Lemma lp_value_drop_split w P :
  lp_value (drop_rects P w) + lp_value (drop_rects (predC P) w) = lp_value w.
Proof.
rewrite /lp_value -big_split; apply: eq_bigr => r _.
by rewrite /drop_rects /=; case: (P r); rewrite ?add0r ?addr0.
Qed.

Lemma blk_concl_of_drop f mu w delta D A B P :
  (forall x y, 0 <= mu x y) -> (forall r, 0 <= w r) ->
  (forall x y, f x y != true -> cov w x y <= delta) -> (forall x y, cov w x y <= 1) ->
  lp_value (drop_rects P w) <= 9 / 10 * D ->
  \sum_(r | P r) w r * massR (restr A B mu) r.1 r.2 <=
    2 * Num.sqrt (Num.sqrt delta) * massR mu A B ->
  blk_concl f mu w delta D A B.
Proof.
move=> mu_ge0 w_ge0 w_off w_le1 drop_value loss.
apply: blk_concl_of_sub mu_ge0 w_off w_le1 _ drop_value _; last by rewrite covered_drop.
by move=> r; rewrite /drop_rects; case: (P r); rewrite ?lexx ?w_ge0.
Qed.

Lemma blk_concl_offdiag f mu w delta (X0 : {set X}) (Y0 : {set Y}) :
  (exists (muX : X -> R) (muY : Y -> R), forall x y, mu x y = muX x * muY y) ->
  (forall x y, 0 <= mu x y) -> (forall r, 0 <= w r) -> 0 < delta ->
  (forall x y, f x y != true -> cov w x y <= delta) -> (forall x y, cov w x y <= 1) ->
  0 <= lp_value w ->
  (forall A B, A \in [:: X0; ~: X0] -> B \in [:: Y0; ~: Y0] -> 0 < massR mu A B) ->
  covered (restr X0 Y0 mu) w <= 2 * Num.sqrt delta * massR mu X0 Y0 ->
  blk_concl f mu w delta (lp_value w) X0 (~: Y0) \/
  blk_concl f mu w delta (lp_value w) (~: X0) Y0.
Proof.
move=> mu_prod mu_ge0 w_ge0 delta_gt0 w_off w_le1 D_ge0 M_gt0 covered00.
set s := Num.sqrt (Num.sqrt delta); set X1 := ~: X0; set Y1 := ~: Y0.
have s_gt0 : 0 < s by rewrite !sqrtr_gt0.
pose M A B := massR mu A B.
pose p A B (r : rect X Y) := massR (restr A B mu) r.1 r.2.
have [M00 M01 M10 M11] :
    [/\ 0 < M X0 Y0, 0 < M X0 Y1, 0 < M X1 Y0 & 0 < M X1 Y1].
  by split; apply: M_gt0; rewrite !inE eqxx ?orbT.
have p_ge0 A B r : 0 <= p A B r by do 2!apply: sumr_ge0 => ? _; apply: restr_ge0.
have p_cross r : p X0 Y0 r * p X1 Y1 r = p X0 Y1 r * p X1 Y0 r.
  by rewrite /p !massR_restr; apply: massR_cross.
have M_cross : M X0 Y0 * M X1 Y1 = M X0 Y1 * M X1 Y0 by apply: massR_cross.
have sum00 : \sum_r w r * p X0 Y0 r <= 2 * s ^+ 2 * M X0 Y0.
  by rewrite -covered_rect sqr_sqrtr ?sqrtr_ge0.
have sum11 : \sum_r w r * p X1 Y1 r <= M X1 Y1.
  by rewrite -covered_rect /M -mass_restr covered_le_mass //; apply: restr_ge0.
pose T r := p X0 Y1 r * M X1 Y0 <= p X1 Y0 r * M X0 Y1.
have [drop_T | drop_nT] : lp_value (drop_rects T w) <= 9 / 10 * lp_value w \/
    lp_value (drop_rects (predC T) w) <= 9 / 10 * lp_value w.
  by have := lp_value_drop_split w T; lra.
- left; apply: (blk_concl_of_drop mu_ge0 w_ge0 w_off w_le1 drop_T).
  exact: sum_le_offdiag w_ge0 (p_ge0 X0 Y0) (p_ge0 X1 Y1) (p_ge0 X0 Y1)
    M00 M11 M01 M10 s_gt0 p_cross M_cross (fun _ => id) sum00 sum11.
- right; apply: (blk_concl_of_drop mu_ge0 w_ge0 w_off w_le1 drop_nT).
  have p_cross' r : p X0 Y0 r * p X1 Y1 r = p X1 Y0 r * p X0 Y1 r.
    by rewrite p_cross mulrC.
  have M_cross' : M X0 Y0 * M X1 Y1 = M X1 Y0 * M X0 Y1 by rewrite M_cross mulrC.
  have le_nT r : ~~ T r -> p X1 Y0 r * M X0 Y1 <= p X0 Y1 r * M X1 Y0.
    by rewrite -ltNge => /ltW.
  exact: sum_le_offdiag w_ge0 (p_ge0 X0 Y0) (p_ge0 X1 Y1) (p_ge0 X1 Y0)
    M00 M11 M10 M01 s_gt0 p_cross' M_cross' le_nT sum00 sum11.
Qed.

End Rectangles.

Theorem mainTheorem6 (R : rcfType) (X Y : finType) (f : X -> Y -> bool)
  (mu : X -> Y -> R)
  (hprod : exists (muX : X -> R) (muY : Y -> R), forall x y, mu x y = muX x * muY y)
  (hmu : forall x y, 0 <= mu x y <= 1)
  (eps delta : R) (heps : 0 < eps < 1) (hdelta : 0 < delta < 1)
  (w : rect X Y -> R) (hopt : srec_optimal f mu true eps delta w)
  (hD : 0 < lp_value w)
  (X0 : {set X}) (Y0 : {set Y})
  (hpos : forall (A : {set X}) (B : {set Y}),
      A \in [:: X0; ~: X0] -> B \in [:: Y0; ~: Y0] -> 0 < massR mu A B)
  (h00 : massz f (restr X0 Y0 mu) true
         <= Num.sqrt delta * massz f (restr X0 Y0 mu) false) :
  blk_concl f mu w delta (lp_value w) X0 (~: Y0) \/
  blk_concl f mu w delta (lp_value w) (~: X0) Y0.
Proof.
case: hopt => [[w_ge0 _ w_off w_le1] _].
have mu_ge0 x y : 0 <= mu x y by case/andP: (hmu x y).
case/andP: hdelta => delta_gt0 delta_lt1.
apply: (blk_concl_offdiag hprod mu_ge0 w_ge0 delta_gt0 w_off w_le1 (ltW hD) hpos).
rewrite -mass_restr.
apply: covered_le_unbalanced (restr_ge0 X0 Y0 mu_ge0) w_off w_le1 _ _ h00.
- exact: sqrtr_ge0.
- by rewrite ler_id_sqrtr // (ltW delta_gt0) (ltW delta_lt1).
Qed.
================================
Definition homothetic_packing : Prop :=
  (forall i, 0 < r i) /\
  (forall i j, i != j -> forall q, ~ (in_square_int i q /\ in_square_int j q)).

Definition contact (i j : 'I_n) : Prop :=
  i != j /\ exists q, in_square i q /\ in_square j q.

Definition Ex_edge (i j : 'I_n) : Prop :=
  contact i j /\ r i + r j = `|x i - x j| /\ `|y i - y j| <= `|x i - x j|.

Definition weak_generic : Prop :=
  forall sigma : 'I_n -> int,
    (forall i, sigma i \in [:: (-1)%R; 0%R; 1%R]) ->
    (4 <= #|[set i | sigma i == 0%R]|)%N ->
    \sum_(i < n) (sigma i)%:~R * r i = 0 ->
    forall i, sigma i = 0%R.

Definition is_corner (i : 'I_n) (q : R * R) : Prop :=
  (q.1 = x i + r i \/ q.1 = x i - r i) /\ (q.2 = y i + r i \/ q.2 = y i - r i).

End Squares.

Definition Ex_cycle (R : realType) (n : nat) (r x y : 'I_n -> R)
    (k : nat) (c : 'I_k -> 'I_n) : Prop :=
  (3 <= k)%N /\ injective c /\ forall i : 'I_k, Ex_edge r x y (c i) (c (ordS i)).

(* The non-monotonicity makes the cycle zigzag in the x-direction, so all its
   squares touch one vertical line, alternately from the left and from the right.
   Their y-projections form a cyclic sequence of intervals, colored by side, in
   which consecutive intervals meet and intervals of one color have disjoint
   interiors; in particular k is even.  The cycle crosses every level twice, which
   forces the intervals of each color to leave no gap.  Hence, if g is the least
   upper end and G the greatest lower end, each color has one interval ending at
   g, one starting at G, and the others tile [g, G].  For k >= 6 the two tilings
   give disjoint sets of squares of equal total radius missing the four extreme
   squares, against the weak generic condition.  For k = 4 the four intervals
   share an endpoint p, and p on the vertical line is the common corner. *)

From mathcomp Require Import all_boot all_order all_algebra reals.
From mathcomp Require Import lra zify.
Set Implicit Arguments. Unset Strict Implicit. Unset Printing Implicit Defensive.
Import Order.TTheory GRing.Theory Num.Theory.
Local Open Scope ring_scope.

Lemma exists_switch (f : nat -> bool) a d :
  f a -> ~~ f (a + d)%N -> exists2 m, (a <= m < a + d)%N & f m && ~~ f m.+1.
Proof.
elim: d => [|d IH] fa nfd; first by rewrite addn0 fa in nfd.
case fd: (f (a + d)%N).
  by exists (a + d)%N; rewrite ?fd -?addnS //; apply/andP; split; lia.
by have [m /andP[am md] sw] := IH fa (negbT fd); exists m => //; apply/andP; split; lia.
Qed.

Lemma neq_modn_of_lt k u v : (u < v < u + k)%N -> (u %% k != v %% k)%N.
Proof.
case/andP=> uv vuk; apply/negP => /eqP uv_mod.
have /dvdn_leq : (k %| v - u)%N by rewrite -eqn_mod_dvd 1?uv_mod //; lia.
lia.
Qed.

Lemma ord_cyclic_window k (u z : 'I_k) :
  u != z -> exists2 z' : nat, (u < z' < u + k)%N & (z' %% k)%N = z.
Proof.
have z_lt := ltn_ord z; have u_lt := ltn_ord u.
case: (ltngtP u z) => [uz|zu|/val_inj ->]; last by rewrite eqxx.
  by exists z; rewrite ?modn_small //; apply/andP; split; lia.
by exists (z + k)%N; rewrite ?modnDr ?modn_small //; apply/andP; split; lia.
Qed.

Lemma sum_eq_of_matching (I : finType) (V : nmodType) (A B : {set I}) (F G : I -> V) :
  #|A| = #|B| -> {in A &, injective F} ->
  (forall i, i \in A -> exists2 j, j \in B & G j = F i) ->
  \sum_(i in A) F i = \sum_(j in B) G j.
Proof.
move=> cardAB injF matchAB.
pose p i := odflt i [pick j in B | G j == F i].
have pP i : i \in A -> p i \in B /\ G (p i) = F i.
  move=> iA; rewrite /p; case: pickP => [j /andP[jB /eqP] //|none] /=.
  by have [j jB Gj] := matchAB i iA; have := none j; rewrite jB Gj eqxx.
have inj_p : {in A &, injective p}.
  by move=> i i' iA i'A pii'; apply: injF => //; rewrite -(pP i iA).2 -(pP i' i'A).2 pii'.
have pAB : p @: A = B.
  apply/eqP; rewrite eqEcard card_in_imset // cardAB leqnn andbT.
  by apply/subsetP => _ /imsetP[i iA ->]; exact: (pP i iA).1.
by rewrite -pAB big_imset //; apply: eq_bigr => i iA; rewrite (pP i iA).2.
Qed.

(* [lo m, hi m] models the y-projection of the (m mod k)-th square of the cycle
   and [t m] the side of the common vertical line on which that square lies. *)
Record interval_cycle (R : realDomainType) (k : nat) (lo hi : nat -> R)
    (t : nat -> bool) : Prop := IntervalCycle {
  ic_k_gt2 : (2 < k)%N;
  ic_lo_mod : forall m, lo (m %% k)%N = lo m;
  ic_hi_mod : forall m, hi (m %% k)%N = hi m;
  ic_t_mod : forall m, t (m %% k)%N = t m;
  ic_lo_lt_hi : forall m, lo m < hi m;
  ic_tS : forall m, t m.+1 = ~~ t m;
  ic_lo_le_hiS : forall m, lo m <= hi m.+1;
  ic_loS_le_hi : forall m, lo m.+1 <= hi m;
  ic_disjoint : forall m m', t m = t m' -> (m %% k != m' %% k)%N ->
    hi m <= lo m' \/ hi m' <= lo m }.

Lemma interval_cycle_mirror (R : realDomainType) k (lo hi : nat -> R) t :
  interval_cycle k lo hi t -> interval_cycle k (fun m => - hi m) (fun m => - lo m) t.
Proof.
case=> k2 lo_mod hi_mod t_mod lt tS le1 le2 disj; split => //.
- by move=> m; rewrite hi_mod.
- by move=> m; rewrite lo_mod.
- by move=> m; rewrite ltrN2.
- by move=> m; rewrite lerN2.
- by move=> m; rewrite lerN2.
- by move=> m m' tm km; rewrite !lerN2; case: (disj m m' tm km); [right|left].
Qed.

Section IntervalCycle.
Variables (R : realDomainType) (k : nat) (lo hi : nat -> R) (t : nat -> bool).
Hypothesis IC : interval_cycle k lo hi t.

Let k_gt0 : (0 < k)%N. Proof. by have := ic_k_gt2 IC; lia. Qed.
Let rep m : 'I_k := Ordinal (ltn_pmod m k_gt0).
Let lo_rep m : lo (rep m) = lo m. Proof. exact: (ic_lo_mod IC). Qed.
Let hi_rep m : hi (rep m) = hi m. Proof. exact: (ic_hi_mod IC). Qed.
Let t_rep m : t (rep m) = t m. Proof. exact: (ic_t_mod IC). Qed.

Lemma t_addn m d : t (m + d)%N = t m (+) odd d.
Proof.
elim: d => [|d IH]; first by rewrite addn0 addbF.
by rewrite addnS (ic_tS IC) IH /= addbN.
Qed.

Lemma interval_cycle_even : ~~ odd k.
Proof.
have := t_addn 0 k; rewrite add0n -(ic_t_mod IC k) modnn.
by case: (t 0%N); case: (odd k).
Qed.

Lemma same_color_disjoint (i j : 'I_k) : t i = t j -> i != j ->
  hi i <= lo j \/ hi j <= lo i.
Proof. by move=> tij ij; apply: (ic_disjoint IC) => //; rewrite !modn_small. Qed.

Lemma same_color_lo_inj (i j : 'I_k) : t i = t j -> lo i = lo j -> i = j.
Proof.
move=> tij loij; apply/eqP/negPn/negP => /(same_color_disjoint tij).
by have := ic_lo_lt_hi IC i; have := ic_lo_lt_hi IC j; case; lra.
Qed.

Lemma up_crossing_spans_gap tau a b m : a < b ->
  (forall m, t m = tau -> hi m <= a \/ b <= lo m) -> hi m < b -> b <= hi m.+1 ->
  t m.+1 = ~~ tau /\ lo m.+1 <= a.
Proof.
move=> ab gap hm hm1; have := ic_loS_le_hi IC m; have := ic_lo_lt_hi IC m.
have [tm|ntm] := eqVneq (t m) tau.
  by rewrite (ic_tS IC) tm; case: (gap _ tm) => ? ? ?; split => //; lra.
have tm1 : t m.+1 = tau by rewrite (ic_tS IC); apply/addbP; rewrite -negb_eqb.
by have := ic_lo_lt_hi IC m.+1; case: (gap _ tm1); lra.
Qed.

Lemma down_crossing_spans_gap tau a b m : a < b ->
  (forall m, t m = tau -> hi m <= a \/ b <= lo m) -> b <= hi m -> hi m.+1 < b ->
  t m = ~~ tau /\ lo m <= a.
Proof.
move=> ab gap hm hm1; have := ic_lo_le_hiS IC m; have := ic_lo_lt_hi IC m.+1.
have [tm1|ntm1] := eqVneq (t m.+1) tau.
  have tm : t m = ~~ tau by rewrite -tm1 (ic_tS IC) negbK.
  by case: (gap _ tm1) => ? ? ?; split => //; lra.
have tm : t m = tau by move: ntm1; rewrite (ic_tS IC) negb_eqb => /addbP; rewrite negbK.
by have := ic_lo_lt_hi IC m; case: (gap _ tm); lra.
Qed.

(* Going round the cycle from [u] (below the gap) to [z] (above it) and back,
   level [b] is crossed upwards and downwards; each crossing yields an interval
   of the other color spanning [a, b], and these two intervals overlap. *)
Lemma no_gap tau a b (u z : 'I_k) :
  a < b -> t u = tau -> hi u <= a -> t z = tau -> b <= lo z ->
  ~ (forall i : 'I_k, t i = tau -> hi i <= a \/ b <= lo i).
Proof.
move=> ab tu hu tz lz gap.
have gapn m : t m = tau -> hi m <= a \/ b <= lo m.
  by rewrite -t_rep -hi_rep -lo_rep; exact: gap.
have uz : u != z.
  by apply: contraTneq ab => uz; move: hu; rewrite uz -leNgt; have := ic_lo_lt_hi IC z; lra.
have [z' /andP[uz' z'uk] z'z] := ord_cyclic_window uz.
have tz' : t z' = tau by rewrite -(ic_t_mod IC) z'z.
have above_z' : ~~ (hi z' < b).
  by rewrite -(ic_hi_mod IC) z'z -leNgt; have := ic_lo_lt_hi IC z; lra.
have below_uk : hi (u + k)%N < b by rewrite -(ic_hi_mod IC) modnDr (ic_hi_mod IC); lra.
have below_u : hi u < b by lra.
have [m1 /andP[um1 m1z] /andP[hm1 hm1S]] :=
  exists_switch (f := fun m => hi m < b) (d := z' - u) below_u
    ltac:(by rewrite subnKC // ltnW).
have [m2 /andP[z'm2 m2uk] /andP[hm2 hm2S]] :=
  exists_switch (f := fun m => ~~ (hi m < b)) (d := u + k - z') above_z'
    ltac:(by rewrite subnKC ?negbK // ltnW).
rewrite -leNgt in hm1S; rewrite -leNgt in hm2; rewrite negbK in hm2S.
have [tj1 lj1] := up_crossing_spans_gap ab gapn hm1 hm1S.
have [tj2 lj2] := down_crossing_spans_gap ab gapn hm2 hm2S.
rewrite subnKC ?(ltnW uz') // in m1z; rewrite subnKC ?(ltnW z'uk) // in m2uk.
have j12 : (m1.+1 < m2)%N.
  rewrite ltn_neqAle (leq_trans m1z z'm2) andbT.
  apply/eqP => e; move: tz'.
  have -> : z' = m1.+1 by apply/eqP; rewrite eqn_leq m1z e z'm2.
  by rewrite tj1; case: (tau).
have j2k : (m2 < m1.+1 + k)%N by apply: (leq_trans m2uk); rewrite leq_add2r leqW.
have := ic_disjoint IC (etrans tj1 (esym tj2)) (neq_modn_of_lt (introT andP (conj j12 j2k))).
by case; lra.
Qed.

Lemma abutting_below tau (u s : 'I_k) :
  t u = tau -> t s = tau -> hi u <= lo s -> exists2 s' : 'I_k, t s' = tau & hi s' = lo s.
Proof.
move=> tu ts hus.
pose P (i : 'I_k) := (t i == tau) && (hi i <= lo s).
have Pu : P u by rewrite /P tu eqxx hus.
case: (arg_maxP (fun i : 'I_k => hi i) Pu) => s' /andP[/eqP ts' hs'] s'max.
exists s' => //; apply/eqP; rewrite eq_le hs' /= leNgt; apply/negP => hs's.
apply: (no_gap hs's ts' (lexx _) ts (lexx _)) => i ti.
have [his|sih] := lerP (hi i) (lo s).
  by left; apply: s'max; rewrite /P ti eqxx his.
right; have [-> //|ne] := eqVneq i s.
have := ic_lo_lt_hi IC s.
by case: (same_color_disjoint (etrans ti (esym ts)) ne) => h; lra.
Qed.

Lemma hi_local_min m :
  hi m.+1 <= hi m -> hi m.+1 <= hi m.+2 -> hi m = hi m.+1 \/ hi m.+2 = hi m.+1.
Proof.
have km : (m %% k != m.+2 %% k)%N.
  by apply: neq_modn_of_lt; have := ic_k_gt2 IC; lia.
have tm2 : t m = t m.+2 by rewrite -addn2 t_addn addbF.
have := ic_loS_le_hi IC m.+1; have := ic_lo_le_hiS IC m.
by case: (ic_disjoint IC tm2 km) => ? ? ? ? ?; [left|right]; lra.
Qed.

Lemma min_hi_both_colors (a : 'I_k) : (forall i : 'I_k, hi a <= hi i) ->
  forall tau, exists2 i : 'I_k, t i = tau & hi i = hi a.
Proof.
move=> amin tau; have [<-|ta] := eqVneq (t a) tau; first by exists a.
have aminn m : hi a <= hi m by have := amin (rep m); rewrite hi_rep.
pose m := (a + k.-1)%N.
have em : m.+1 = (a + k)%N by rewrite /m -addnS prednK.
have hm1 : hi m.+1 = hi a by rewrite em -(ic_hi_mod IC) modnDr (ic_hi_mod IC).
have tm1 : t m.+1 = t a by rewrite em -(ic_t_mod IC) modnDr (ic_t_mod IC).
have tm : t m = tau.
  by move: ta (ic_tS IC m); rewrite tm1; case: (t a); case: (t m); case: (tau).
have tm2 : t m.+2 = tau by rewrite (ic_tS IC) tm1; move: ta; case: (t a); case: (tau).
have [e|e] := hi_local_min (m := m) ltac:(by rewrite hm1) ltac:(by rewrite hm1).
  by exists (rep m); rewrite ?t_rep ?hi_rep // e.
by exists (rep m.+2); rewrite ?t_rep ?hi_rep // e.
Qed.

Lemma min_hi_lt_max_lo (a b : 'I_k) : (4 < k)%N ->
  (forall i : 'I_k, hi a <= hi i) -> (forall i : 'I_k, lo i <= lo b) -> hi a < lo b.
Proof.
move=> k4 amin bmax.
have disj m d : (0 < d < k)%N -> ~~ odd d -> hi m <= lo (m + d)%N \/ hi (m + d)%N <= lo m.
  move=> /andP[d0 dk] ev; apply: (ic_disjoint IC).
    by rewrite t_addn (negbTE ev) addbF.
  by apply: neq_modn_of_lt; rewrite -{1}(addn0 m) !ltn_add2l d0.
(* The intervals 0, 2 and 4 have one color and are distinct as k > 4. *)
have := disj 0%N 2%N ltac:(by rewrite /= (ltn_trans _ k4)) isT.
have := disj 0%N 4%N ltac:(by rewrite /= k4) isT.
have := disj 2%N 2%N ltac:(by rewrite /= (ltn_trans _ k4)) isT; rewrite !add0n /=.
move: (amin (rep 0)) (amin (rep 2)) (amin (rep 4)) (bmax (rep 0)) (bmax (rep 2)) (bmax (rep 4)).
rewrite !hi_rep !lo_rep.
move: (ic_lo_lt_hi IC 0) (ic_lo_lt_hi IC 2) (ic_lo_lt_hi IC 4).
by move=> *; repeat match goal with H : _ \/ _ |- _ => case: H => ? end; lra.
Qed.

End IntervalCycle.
================================
### REQUIRED WORK
Could you restate word for word the lines above, from the one that contains "Lemma no_gap tau" through the one that contains "by rewrite -(ic_hi_mod IC) z'z", and no others?

### OUTPUT OF THE EXERCISE
Lemma no_gap tau a b (u z : 'I_k) :
  a < b -> t u = tau -> hi u <= a -> t z = tau -> b <= lo z ->
  ~ (forall i : 'I_k, t i = tau -> hi i <= a \/ b <= lo i).
Proof.
move=> ab tu hu tz lz gap.
have gapn m : t m = tau -> hi m <= a \/ b <= lo m.
  by rewrite -t_rep -hi_rep -lo_rep; exact: gap.
have uz : u != z.
  by apply: contraTneq ab => uz; move: hu; rewrite uz -leNgt; have := ic_lo_lt_hi IC z; lra.
have [z' /andP[uz' z'uk] z'z] := ord_cyclic_window uz.
have tz' : t z' = tau by rewrite -(ic_t_mod IC) z'z.
have above_z' : ~~ (hi z' < b).
  by rewrite -(ic_hi_mod IC) z'z -leNgt; have := ic_lo_lt_hi IC z; lra.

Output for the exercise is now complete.